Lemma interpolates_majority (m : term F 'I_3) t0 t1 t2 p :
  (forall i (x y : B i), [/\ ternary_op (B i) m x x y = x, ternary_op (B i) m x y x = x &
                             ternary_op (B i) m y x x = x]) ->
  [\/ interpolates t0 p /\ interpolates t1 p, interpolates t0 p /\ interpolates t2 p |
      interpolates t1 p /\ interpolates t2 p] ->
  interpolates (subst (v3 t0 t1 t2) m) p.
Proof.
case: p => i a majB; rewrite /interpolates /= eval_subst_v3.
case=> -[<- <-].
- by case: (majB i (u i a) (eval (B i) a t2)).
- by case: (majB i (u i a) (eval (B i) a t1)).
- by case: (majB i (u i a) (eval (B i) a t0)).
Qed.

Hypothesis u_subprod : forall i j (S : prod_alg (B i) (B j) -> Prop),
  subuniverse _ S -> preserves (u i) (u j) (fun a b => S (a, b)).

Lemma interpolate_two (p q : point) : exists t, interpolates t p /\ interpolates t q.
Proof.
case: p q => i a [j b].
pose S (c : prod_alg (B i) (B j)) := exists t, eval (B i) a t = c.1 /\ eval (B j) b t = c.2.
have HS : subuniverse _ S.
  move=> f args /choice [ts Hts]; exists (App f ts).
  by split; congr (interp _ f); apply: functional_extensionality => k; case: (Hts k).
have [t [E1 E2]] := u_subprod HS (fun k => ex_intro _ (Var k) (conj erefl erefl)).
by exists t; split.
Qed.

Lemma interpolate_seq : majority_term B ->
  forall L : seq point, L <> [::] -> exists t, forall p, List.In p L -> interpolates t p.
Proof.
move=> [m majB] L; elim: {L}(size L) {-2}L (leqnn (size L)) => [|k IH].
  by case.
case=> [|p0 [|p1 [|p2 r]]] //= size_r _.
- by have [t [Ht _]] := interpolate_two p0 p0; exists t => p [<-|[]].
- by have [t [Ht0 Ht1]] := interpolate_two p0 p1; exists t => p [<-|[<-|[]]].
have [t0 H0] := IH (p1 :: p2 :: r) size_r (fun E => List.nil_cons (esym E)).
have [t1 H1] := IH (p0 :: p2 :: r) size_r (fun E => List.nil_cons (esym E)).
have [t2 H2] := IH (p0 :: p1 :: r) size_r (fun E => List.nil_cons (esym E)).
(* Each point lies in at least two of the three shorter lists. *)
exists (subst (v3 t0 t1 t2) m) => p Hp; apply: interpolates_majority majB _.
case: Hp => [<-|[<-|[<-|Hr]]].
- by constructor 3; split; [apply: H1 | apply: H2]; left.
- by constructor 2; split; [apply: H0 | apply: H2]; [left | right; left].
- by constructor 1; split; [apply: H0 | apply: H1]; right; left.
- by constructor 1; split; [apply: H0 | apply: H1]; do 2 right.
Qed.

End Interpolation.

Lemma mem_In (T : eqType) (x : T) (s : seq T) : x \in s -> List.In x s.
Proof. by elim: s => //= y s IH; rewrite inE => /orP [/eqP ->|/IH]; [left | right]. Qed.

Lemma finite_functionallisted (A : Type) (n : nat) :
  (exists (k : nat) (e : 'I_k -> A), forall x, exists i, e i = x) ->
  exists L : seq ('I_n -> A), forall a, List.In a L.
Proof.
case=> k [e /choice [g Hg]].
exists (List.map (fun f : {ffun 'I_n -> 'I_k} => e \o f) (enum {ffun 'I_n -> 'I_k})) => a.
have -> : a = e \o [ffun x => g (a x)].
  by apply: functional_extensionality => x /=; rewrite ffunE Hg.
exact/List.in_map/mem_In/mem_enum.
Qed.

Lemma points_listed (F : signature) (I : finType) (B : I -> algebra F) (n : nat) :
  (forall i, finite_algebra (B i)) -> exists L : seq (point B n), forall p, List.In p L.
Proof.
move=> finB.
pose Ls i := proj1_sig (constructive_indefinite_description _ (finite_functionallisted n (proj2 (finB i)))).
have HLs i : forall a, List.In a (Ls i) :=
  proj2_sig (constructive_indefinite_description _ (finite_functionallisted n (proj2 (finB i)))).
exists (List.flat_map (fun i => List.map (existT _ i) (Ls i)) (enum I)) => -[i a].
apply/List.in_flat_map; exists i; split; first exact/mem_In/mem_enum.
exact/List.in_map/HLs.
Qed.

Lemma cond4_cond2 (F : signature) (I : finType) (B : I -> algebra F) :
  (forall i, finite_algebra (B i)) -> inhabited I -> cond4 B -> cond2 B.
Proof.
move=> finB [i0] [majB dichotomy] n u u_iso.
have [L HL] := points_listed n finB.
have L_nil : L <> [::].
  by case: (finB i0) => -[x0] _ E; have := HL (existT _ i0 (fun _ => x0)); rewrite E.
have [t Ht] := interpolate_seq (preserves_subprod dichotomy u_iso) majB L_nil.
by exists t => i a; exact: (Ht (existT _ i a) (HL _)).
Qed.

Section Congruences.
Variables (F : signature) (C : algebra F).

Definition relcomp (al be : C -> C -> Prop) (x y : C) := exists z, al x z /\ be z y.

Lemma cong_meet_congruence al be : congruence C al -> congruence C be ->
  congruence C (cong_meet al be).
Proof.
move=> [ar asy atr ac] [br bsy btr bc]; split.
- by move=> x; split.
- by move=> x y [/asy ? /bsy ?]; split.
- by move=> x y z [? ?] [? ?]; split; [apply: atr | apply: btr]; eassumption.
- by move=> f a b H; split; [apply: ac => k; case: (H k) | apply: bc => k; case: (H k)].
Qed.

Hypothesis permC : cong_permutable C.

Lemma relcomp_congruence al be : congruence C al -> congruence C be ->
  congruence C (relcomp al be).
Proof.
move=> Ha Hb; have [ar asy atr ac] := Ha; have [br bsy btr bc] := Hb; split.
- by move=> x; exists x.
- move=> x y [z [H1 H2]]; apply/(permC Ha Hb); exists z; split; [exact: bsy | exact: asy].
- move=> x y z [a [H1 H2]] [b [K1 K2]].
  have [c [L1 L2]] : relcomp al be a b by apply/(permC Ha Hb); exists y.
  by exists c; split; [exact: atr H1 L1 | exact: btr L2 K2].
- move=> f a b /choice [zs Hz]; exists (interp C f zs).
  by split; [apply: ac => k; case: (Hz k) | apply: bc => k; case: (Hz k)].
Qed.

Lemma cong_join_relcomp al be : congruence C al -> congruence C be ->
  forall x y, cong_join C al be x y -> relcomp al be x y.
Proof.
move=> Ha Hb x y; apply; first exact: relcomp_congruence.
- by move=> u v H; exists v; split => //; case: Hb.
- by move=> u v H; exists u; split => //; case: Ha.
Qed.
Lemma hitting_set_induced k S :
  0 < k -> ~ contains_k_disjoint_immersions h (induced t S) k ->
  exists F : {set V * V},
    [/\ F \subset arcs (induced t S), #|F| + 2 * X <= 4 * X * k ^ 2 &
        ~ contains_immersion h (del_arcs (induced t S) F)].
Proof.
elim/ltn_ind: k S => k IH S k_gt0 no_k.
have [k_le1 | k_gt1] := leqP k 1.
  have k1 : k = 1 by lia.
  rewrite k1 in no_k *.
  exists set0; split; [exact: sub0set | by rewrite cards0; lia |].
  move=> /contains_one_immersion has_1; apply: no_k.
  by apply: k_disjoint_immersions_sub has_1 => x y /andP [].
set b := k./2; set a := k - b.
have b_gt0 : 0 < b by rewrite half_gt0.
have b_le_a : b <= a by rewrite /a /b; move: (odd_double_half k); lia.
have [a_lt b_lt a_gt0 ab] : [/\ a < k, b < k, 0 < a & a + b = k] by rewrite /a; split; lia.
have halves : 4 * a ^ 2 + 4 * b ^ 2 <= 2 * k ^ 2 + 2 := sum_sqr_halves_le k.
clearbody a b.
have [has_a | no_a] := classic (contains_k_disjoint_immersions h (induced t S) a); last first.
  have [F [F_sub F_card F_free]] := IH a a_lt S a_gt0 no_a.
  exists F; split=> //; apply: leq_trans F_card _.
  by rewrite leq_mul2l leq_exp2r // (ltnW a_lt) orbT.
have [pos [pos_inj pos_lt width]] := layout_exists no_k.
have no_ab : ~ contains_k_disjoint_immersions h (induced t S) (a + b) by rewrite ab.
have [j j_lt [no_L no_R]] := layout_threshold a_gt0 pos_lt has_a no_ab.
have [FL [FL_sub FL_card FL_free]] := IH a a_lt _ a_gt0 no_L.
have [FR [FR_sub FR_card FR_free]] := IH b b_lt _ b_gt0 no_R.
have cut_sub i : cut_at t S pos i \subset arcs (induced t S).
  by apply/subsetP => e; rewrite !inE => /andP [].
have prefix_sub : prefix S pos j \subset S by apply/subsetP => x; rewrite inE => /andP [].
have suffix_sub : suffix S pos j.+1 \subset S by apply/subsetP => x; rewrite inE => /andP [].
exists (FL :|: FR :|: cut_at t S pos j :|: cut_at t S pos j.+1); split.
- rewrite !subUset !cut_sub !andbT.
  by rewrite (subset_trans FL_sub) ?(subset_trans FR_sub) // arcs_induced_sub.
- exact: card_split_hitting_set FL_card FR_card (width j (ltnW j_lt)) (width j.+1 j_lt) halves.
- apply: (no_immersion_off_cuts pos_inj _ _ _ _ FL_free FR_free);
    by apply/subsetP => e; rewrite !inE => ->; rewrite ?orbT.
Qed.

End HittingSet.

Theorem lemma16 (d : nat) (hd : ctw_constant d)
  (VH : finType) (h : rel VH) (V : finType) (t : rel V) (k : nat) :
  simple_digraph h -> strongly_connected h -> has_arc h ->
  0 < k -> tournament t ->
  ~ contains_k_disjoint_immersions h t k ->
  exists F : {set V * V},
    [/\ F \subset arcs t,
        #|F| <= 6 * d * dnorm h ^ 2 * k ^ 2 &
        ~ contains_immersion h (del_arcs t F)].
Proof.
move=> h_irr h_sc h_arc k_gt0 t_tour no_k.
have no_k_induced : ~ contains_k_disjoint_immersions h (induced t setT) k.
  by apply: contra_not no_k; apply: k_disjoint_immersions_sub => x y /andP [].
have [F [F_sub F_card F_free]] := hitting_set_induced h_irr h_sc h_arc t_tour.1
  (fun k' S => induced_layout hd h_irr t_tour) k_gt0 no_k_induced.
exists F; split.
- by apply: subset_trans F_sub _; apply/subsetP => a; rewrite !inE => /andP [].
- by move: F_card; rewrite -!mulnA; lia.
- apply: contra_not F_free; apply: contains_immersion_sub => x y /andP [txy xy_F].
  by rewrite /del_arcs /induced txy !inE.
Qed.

####################

When a line in the material contains the string "ltnW", copy that line.

  by rewrite leq_mul2l leq_exp2r // (ltnW a_lt) orbT.
- exact: card_split_hitting_set FL_card FR_card (width j (ltnW j_lt)) (width j.+1 j_lt) halves.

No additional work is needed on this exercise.